- [Task objective]:
In the entries that follow, how many lines include the string "minP"? The answer is the number only.

Stored data
* * * * *

(* For every graph $G$, $\mathsf{tww}(G)\le 2\cdot\mathsf{mw}(G)-1$. Consequently, every graph class of bounded cliquewidth also has bounded twin-width.
   Context: All graphs are finite, simple, undirected. For $A\subseteq V(G)$, define $u\sim_A v$ for $u,v\in A$ iff $N(u)\setminus A=N(v)\setminus A$; the diversity of $A$ is the number of classes of $\sim_A$. A laminar decomposition of $G$ is a rooted binary tree whose leaf set is $V(G)$; its diversity is the maximum, over nodes $x$, of the diversity of the set of leaves below $x$. The modular-width $\mathsf{mw}(G)$ is the minimum diversity of a laminar decomposition; a class has bounded cliquewidth iff $\mathsf{mw}$ is bounded on it. For disjoint $A,B\subseteq V(G)$, the pair is impure if it is neither complete (all pairs adjacent) nor anti-complete (no pairs adjacent). For a partition $\mathcal P$ of $V(G)$, the error graph $\mathsf{err}(G,\mathcal P)$ has vertex set $\mathcal P$ with two distinct parts adjacent iff they form an impure pair. A contraction sequence of $G$ (with $n=|V(G)|$) is a sequence of partitions $\mathcal P_n,\ldots,\mathcal P_1$ where $\mathcal P_n$ is the partition into singletons, $\mathcal P_1=\{V(G)\}$, and each $\mathcal P_i$ arises from $\mathcal P_{i+1}$ by merging two parts; its width is the maximum over $i$ of the maximum degree of $\mathsf{err}(G,\mathcal P_i)$. The twin-width $\mathsf{tww}(G)$ is the minimum width of a contraction sequence; a class has bounded twin-width iff $\mathsf{tww}$ is bounded on it. *)

From mathcomp Require Import all_boot.
From mathcomp Require Import boolp.
Set Implicit Arguments. Unset Strict Implicit. Unset Printing Implicit Defensive.

(* A simple graph: vertex type T : finType, adjacency e : rel T,
   assumed symmetric and irreflexive in the theorem. *)

(* Least natural number satisfying a Prop predicate (0 if none). *)
Definition minP (P : nat -> Prop) : nat :=
  match pselect (exists n, `[< P n >]) with
  | left h => ex_minn h
  | right _ => 0
  end.

Section Graph.
Variables (T : finType) (e : rel T).

Definition nbr_out (A : {set T}) (v : T) : {set T} := [set w in ~: A | e v w].

(* diversity of A = number of classes of ~_A (u ~_A v iff N(u)\A = N(v)\A),
   i.e. the number of distinct sets N(v)\A for v in A. *)
Definition diversity (A : {set T}) : nat := #|[set nbr_out A v | v in A]|.

Inductive ltree : Type := Leaf of T | Node of ltree & ltree.

Fixpoint leaves (t : ltree) : seq T :=
  match t with Leaf v => [:: v] | Node l r => leaves l ++ leaves r end.

Fixpoint subtrees (t : ltree) : seq ltree :=
  match t with
  | Leaf v => [:: t]
  | Node l r => t :: (subtrees l ++ subtrees r)
  end.

Definition laminar_decomp (t : ltree) : Prop :=
  uniq (leaves t) /\ forall v : T, v \in leaves t.

Definition decomp_diversity (t : ltree) : nat :=
  \max_(x <- subtrees t) diversity [set v in leaves x].

Definition mw : nat :=
  minP (fun k => exists t, laminar_decomp t /\ decomp_diversity t = k).

Definition complete_pair (A B : {set T}) : bool :=
  [forall a in A, forall b in B, e a b].
Definition anticomplete_pair (A B : {set T}) : bool :=
  [forall a in A, forall b in B, ~~ e a b].
Definition impure (A B : {set T}) : bool :=
  ~~ complete_pair A B && ~~ anticomplete_pair A B.

Definition err_deg (P : {set {set T}}) (X : {set T}) : nat :=
  #|[set Y in P | (Y != X) && impure X Y]|.

Definition err_maxdeg (P : {set {set T}}) : nat := \max_(X in P) err_deg P X.

Definition singletons : {set {set T}} := [set [set v] | v : T].

Definition merge_step (P Q : {set {set T}}) : bool :=
  [exists X in P, exists Y in P,
     (X != Y) && (Q == ((P :\ X) :\ Y) :|: [set X :|: Y])].

(* a contraction sequence P_n, ..., P_1 listed in this order *)
Definition contraction_seq (s : seq {set {set T}}) : Prop :=
  match s with
  | [::] => False
  | P :: s' => [/\ P = singletons, path merge_step P s' & last P s' = [set setT]]
  end.

Definition cs_width (s : seq {set {set T}}) : nat := \max_(P <- s) err_maxdeg P.

Definition tww : nat :=
  minP (fun k => exists s, contraction_seq s /\ cs_width s = k).

End Graph.

From HB Require Import structures.
From mathcomp Require Import all_boot boolp.
Set Implicit Arguments. Unset Strict Implicit. Unset Printing Implicit Defensive.

(* Fix a laminar decomposition t of diversity k and contract bottom-up along
   t.  At every moment V(G) is cut into the leaf sets of a front of t (an
   antichain of nodes covering all leaves); every part lies inside one block B
   of the front, all its vertices have the same neighbourhood outside B, and
   each block holds at most 2k parts.  Two parts lying in different blocks then
   form a pure pair, so every part has at most 2k-1 neighbours in the error
   graph.  Inside a block we merge two parts whenever all their vertices have
   the same neighbourhood outside the block.  When no such merge is possible a
   block B holds at most diversity(B) <= k parts, so two sibling blocks can be
   replaced by their parent while keeping at most 2k parts per block.  At the
   root every two parts can be merged, which ends with the single part V(G). *)

Lemma minP_le (P : nat -> Prop) n : P n -> minP P <= n.
Proof.
move=> Pn; rewrite /minP; case: pselect => [h|[]]; last by exists n; apply/asboolP.
by case: ex_minnP => m _; apply; apply/asboolP.
Qed.

Lemma minP_spec (P : nat -> Prop) : (exists n, P n) -> P (minP P).
Proof.
move=> [n Pn]; rewrite /minP; case: pselect => [h|[]]; last by exists n; apply/asboolP.
by case: ex_minnP => m /asboolP.
Qed.

Lemma minP_eq0 (P : nat -> Prop) : ~ (exists n, P n) -> minP P = 0.
Proof.
move=> nP; rewrite /minP; case: pselect => [h|//].
by case: nP; case: h => n /asboolP; exists n.
Qed.

Lemma uniq_flatten_map_eq (A T : eqType) (f : A -> seq T) s a b x :
  uniq (flatten (map f s)) -> a \in s -> b \in s -> x \in f a -> x \in f b ->
  a = b.
Proof.
elim: s => //= c s IHs; rewrite cat_uniq => /and3P[_ fc_s s_uniq].
have fc_sF d : d \in s -> x \in f c -> x \in f d -> False.
  move=> ds xc xd; case/negP: fc_s; apply/hasP; exists x => //.
  by apply/flatten_mapP; exists d.
rewrite !inE => /predU1P[->|a_s] /predU1P[->|b_s] xa xb //.
- by case: (fc_sF b).
- by case: (fc_sF a).
- exact: IHs.
Qed.

Lemma mem_splice (A : eqType) (s1 m m' s2 : seq A) x :
  x \in s1 ++ m ++ s2 -> x \in m \/ x \in s1 ++ m' ++ s2.
Proof. by rewrite !mem_cat => /or3P[]->; rewrite ?orbT; auto. Qed.
Lemma resY0r x K N : resY A x 0 K N = 0.
Proof. by rewrite (resY_big (D := 0)) ?big_ord0 // => j _; rewrite mode0r. Qed.

Lemma fsupp_resY (u v : V) (K N : int) :
  exists B, fsupp (fun j => (binz K j)%:~R *: md u (j%:Z - N) v) B.
Proof. by have [B hB] := fsupp_mode A u v N; exists B => j /hB ->; rewrite scaler0. Qed.

Lemma resY_addl x x' y K N : resY A (x + x') y K N = resY A x y K N + resY A x' y K N.
Proof.
have [B1 h1] := fsupp_resY x y K N; have [B2 h2] := fsupp_resY x' y K N.
rewrite /resY -(@fsumD _ _ _ (maxn B1 B2)); last 2 first.
- exact: fsupp_mono h1 (leq_maxl _ _).
- exact: fsupp_mono h2 (leq_maxr _ _).
by apply: eq_fsum => j; rewrite mode_addl scalerDr.
Qed.

Lemma resY_addr x y y' K N : resY A x (y + y') K N = resY A x y K N + resY A x y' K N.
Proof.
have [B1 h1] := fsupp_resY x y K N; have [B2 h2] := fsupp_resY x y' K N.
rewrite /resY -(@fsumD _ _ _ (maxn B1 B2)); last 2 first.
- exact: fsupp_mono h1 (leq_maxl _ _).
- exact: fsupp_mono h2 (leq_maxr _ _).
by apply: eq_fsum => j; rewrite mode_addr scalerDr.
Qed.

Lemma resY_scalel (c : F) x y K N : resY A (c *: x) y K N = c *: resY A x y K N.
Proof.
have [B hB] := fsupp_resY x y K N.
rewrite /resY -(fsumZ _ hB); apply: eq_fsum => j.
by rewrite mode_scalel !scalerA mulrC.
Qed.

Lemma resY_sumr (I : Type) (r : seq I) (x : V) (w : I -> V) K N :
  resY A x (\sum_(i <- r) w i) K N = \sum_(i <- r) resY A x (w i) K N.
Proof.
elim: r => [|i r IH]; first by rewrite !big_nil resY0r.
by rewrite !big_cons resY_addr IH.
Qed.

Lemma resY_resY_big x y c K1 N1 K2 N2 : exists D0, forall D, (D0 <= D)%N ->
  resY A x (resY A y c K2 N2) K1 N1
  = \sum_(j1 < D) \sum_(j2 < D) ((binz K1 j1)%:~R * (binz K2 j2)%:~R) *:
      md x (j1%:Z - N1) (md y (j2%:Z - N2) c).
Proof.
have [B hB] := fsupp_mode A y c N2.
have [T hT] := mode_trunc_fsuppr A x hB.
exists (B + T + `|N1|)%N => D hD.
rewrite (@resY_big D y c K2 N2); last by move=> j hj; apply: hB; lia.
rewrite (@resY_big D x _ K1 N1); last first.
  move=> j1 hj1; rewrite mode_sumr big1 // => j2 _.
  by rewrite mode_scaler hT ?scaler0 //; lia.
apply: eq_bigr => j1 _; rewrite mode_sumr scaler_sumr; apply: eq_bigr => j2 _.
by rewrite mode_scaler scalerA.
Qed.

Lemma resY_commutator (a b c : V) (K bt : int) (M N : nat) :
  resY A a (resY A b c bt N%:Z) K M%:Z
  = resY A b (resY A a c K M%:Z) bt N%:Z
    + fsum (fun p => (binz K p)%:~R *: fsum (fun q => (binz (- M%:Z) q)%:~R *:
        resY A (md a (q + p)%N%:Z b) c (bt + K - p%:Z) (N + M + q)%N%:Z)).
Proof.
pose X i L := md (md a i%:Z b) L c.
have [Ca hCa] := fsupp_mode_nat A a b.
have [C [hX1 hX2]] : exists C : nat,
    (forall i L, (C <= i)%N -> X i L = 0) /\ (forall i L, C%:Z <= L -> X i L = 0).
  exact: mode_fsuppl_bound hCa.
have [D1 hD1] := resY_resY_big a b c K M%:Z bt N%:Z.
have [D2 hD2] := resY_resY_big b a c bt N%:Z K M%:Z.
set D := (M + N + 3 * C + D1 + D2)%N.
have hcorr p q : resY A (md a (q + p)%N%:Z b) c (bt + K - p%:Z) (N + M + q)%N%:Z
    = \sum_(j < D) (binz (bt + K - p%:Z) j)%:~R *: X (q + p)%N (j%:Z - (N + M + q)%:Z).
  apply: resY_big => j hj; case: (leqP C (q + p)) => hqp; first exact: hX1.
  by apply: hX2; lia.
have hinner p : (binz K p)%:~R *: fsum (fun q => (binz (- M%:Z) q)%:~R *:
      resY A (md a (q + p)%N%:Z b) c (bt + K - p%:Z) (N + M + q)%N%:Z)
    = (binz K p)%:~R *: \sum_(q < C) (binz (- M%:Z) q)%:~R *:
      \sum_(j < D) (binz (bt + K - p%:Z) j)%:~R *: X (q + p)%N (j%:Z - (N + M + q)%:Z).
  rewrite (fsumE (B := C)) => [|q hq]; last first.
    by rewrite hcorr big1 ?scaler0 // => j _; rewrite hX1 ?scaler0 //; lia.
  by congr (_ *: _); apply: eq_bigr => q _; rewrite hcorr.
rewrite (hD1 D) ?(hD2 D); try lia.
rewrite (fsumE (B := C)) => [|p hp]; last first.
  rewrite hinner big1 ?scaler0 // => q _.
  by rewrite big1 ?scaler0 // => j _; rewrite hX1 ?scaler0 //; lia.
rewrite (eq_bigr _ (fun (p : 'I_C) _ => hinner p)).
rewrite -(@sum_binz_commutator _ _ X C K bt M N D hX1 hX2); last by lia.
apply/eqP; rewrite addrC -subr_eq; apply/eqP.
rewrite [X in _ - X]exchange_big -sumrB; apply: eq_bigr => j1 _.
rewrite -sumrB; apply: eq_bigr => j2 _.
rewrite [in X in _ - X]mulrC -scalerBr mode_commutator; congr (_ *: _).
rewrite (fsumE (B := C)) => [|i hi]; last by rewrite [md _ _ c](hX1 i) ?scaler0.
by apply: eq_bigr => i _; rewrite /X; congr (_ *: md _ _ _); ring.
Qed.

Lemma sum_resY_mode_big (a b c : V) (bt E : int) (M N : nat) : exists D0, forall D, (D0 <= D)%N ->
  fsum (fun j => (binz bt j)%:~R *: resY A (md b (j%:Z - N%:Z) c) a (E - j%:Z) M%:Z)
  = \sum_(p < D) \sum_(e < D) ((binz bt p)%:~R * (binz (E - bt) e)%:~R) *:
      fsum (fun i => (binz p%:Z i)%:~R *:
        md (md b (i%:Z - N%:Z) c) (p%:Z + (e%:Z - M%:Z) - i%:Z) a).
Proof.
pose Y j L := md (md b (j%:Z - N%:Z) c) L a.
have [B hB] := fsupp_mode A b c N%:Z.
have [C [hY1 hY2]] : exists C : nat,
    (forall i L, (C <= i)%N -> Y i L = 0) /\ (forall i L, C%:Z <= L -> Y i L = 0).
  exact: mode_fsuppl_bound hB.
exists (M + 2 * C)%N => D hD.
have hY p e : fsum (fun i => (binz p%:Z i)%:~R *: Y i (p%:Z + (e%:Z - M%:Z) - i%:Z))
    = \sum_(i < C) (binz p%:Z i)%:~R *: Y i (p%:Z + (e%:Z - M%:Z) - i%:Z).
  by rewrite (fsumE (B := C)) // => i hi; rewrite hY1 ?scaler0.
under eq_bigr => p _ do under eq_bigr => e _ do rewrite hY.
rewrite (@sum_binz_jacobi _ _ Y C bt E M D hY1 hY2) //.
rewrite (fsumE (B := C)) => [|j hj]; last first.
  by rewrite (resY_big (D := 0)) ?big_ord0 ?scaler0 // => l _; exact: hY1.
by apply: eq_bigr => j _; rewrite (resY_big (D := D)) // => l hl; apply: hY2; lia.
Qed.

Lemma sum_resY_resY_big (a b c : V) (bt E : int) (M N : nat) : exists D0, forall D, (D0 <= D)%N ->
  fsum (fun i => ((-1) ^+ i * (binz (- N%:Z) i)%:~R) *:
      (resY A b (resY A c a (E - bt) (M%:Z - i%:Z)) bt (N + i)%N%:Z
       - (-1) ^+ N *: resY A c (resY A b a bt (- i%:Z)) (E - bt) (M + N + i)%N%:Z))
  = \sum_(p < D) \sum_(e < D) ((binz bt p)%:~R * (binz (E - bt) e)%:~R) *:
      fsum (fun i => ((-1) ^+ i * (binz (- N%:Z) i)%:~R) *:
        (md b (p%:Z - (N + i)%N%:Z) (md c (e%:Z - (M%:Z - i%:Z)) a)
         - (-1) ^+ N *: md c (e%:Z - (M + N + i)%N%:Z) (md b (p%:Z - - i%:Z) a))).
Proof.
have [Tc hTc] := fsupp_mode A c a M%:Z.
have [Tba hTba] := fsupp_mode_nat A b a.
set I := (Tc + Tba)%N.
have hca e i : (I <= i)%N -> md c (e%:Z - (M%:Z - i%:Z)) a = 0.
  by move=> hi; rewrite (_ : _ - _ = (e + i)%N%:Z - M%:Z) ?hTc //; [lia | rewrite PoszD; ring].
have hba p i : (I <= i)%N -> md b (p%:Z - - i%:Z) a = 0.
  by move=> hi; rewrite opprK -PoszD hTba //; lia.
have [D1 hD1] := @ex_bound_uniform _ I
  (fun i => resY_resY_big b c a bt (N + i)%N%:Z (E - bt) (M%:Z - i%:Z)).
have [D2 hD2] := @ex_bound_uniform _ I
  (fun i => resY_resY_big c b a (E - bt) (M + N + i)%N%:Z bt (- i%:Z)).
exists (D1 + D2)%N => D hD.
rewrite (fsumE (B := I)) => [|i hi]; last first.
  rewrite (resY_big (D := 0) _ (fun j _ => hca j i hi)).
  rewrite (resY_big (D := 0) _ (fun j _ => hba j i hi)) !big_ord0.
  by rewrite !resY0r scaler0 subr0 scaler0.
have hfin p e : fsum (fun i => ((-1) ^+ i * (binz (- N%:Z) i)%:~R) *:
      (md b (p%:Z - (N + i)%N%:Z) (md c (e%:Z - (M%:Z - i%:Z)) a)
       - (-1) ^+ N *: md c (e%:Z - (M + N + i)%N%:Z) (md b (p%:Z - - i%:Z) a)))
    = \sum_(i < I) ((-1) ^+ i * (binz (- N%:Z) i)%:~R) *:
      (md b (p%:Z - (N + i)%N%:Z) (md c (e%:Z - (M%:Z - i%:Z)) a)
       - (-1) ^+ N *: md c (e%:Z - (M + N + i)%N%:Z) (md b (p%:Z - - i%:Z) a)).
  by rewrite (fsumE (B := I)) // => i hi; rewrite hca // hba // !mode0r scaler0 subr0 scaler0.
symmetry; under eq_bigr => p _ do under eq_bigr => e _ do rewrite hfin scaler_sumr.
under eq_bigr => p _ do rewrite exchange_big.
rewrite exchange_big; apply: eq_bigr => -[i hi] _ /=.
rewrite (hD1 i D) ?(hD2 i D) //; try lia.
rewrite [X in _ = _ *: (_ - _ *: X)]exchange_big /= scalerBr !scaler_sumr -sumrB.
apply: eq_bigr => p _; rewrite !scaler_sumr -sumrB; apply: eq_bigr => e _.
by rewrite !scalerBr !scalerA; congr (_ *: _ - _ *: _); ring.
Qed.

Lemma resY_jacobi (a b c : V) (bt E : int) (M N : nat) :
  fsum (fun j => (binz bt j)%:~R *: resY A (md b (j%:Z - N%:Z) c) a (E - j%:Z) M%:Z)
  = fsum (fun i => ((-1) ^+ i * (binz (- N%:Z) i)%:~R) *:
      (resY A b (resY A c a (E - bt) (M%:Z - i%:Z)) bt (N + i)%N%:Z
       - (-1) ^+ N *: resY A c (resY A b a bt (- i%:Z)) (E - bt) (M + N + i)%N%:Z)).
Proof.
have [D1 h1] := sum_resY_mode_big a b c bt E M N.
have [D2 h2] := sum_resY_resY_big a b c bt E M N.
rewrite (h1 (D1 + D2)) ?leq_addr // (h2 (D1 + D2)) ?leq_addl //.
apply: eq_bigr => p _; apply: eq_bigr => e _; congr (_ *: _).
rewrite borcherds_negr; apply: eq_fsum => i.
by congr (_ *: (md b _ (md c _ a) - _ *: md c _ (md b _ a))); ring.
Qed.

End Residues.

Section SpanOn.
Variables (F : fieldType) (V : lmodType F) (A : VOA V) (n : nat).
Local Notation On := (On A n).

Lemma On0 : On 0.
Proof. by exists 0%N, (fun _ => 0), (fun _ => 0); split => [[]|]; rewrite ?big_ord0. Qed.

Lemma OnD x y : On x -> On y -> On (x + y).
Proof.
move=> [m1 [c1 [g1 [hg1 ->]]]] [m2 [c2 [g2 [hg2 ->]]]].
exists (m1 + m2)%N, (fun i => match split i with inl j => c1 j | inr j => c2 j end),
  (fun i => match split i with inl j => g1 j | inr j => g2 j end); split.
  by move=> i; case: (split i).
rewrite big_split_ord /=; congr (_ + _); apply: eq_bigr => i _.
  by rewrite (unsplitK (inl _ i)).
by rewrite (unsplitK (inr _ i)).
Qed.

Lemma OnZ (a : F) x : On x -> On (a *: x).
Proof.
move=> [m [c [g [hg ->]]]]; exists m, (fun i => a * c i), g; split => //.
by rewrite scaler_sumr; apply: eq_bigr => i _; rewrite scalerA.
Qed.

Lemma OnB x y : On x -> On y -> On (x - y).
Proof. by move=> hx /(OnZ (-1)); rewrite scaleN1r; apply: OnD. Qed.

Lemma On_gen_On x : On_gen A n x -> On x.
Proof.
move=> h; exists 1%N, (fun _ => 1), (fun _ => x); split => //.
by rewrite big_ord1 scale1r.
Qed.

Lemma On_sum (I : Type) (r : seq I) (P : pred I) (f : I -> V) :
  (forall i, P i -> On (f i)) -> On (\sum_(i <- r | P i) f i).
Proof.
move=> h; elim/big_rec: _ => [|i x Pi hx]; first exact: On0.
by apply: OnD => //; apply: h.
Qed.

Lemma On_fsum (f : nat -> V) : (forall i, On (f i)) -> On (fsum f).
Proof.
move=> h; rewrite /fsum; case: excluded_middle_informative => [H|_]; last exact: On0.
exact: On_sum.
Qed.

End SpanOn.

Section LinearExtension.
Variables (F : fieldType) (V : lmodType F) (A : VOA V).

Lemma big_uniq_supp (g : int -> V) (s1 s2 : seq int) : uniq s1 -> uniq s2 ->
  (forall k, k \notin s1 -> g k = 0) -> (forall k, k \notin s2 -> g k = 0) ->
  \sum_(k <- s1) g k = \sum_(k <- s2) g k.
Proof.
move=> u1 u2 h1 h2.
have e1 : \sum_(k <- s1) g k = \sum_(k <- s1 | k \in s2) g k.
  by rewrite [RHS]big_mkcond; apply: eq_bigr => k _; case: ifP => // /negbT /h2.
have e2 : \sum_(k <- s2) g k = \sum_(k <- s2 | k \in s1) g k.
  by rewrite [RHS]big_mkcond; apply: eq_bigr => k _; case: ifP => // /negbT /h1.
rewrite e1 e2 -[LHS]big_filter -[RHS]big_filter; apply: perm_big.
by apply: uniq_perm; rewrite ?filter_uniq // => k; rewrite !mem_filter andbC.
Qed.

Lemma isumE (g : int -> V) (s : seq int) : uniq s ->
  (forall k, k \notin s -> g k = 0) -> isum g = \sum_(k <- s) g k.
Proof.
move=> us hs; rewrite /isum; case: excluded_middle_informative => [H|[]]; last by exists s.
case: (constructive_indefinite_description _ H) => s0 hs0 /=.
by apply: big_uniq_supp; rewrite ?undup_uniq // => k; rewrite mem_undup => /hs0.
Qed.

Lemma proj_add k x y : proj A k (x + y) = proj A k x + proj A k y.
Proof. by have := proj_linear A k 1 x y; rewrite !scale1r. Qed.

Lemma proj0 k : proj A k 0 = 0.
Proof. by have := proj_linear A k (-1) 0 0; rewrite !scaleN1r !addNr. Qed.

Lemma proj_scale k (c : F) x : proj A k (c *: x) = c *: proj A k x.
Proof. by have := proj_linear A k c x 0; rewrite !addr0 proj0 addr0. Qed.

Variable f : int -> V -> V -> V.
Hypothesis f0 : forall k b, f k 0 b = 0.

Lemma lin_extE (a b : V) (s : seq int) : uniq s -> (forall k, k \notin s -> proj A k a = 0) ->
  lin_ext A f a b = \sum_(k <- s) f k (proj A k a) b.
Proof. by move=> us hs; rewrite /lin_ext (isumE us) // => k /hs ->. Qed.

Lemma lin_ext_homog (a b : V) (d : int) : homog A d a -> lin_ext A f a b = f d a b.
Proof.
move=> ha; rewrite (@lin_extE a b [:: d]) ?big_seq1 ?ha // => k.
by rewrite inE -ha proj_proj => /negbTE ->.
Qed.

Hypothesis fD : forall k u v b, f k (u + v) b = f k u b + f k v b.

Lemma lin_extD (x y b : V) : lin_ext A f (x + y) b = lin_ext A f x b + lin_ext A f y b.
Proof.
have [sx [_ _ hx]] := proj_decomp A x; have [sy [_ _ hy]] := proj_decomp A y.
set s := undup (sx ++ sy).
have hs k : k \notin s -> (k \notin sx) && (k \notin sy).
  by rewrite mem_undup mem_cat negb_or.
have hx' k : k \notin s -> proj A k x = 0 by move/hs/andP => [/hx].
have hy' k : k \notin s -> proj A k y = 0 by move/hs/andP => [_ /hy].
have us : uniq s := undup_uniq _.
rewrite (lin_extE b us hx') (lin_extE b us hy') (@lin_extE (x + y) b s us); last first.
  by move=> k hk; rewrite proj_add hx' ?hy' ?addr0.
by rewrite -big_split; apply: eq_bigr => k _; rewrite proj_add fD.
Qed.

Lemma lin_ext_sum (I : Type) (r : seq I) (w : I -> V) (b : V) :
  lin_ext A f (\sum_(i <- r) w i) b = \sum_(i <- r) lin_ext A f (w i) b.
Proof.
elim: r => [|i r IH]; last by rewrite !big_cons lin_extD IH.
by rewrite !big_nil (@lin_extE _ _ [::]) ?big_nil // => k _; rewrite proj0.
Qed.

* * * * *

- [Exercise output]:
9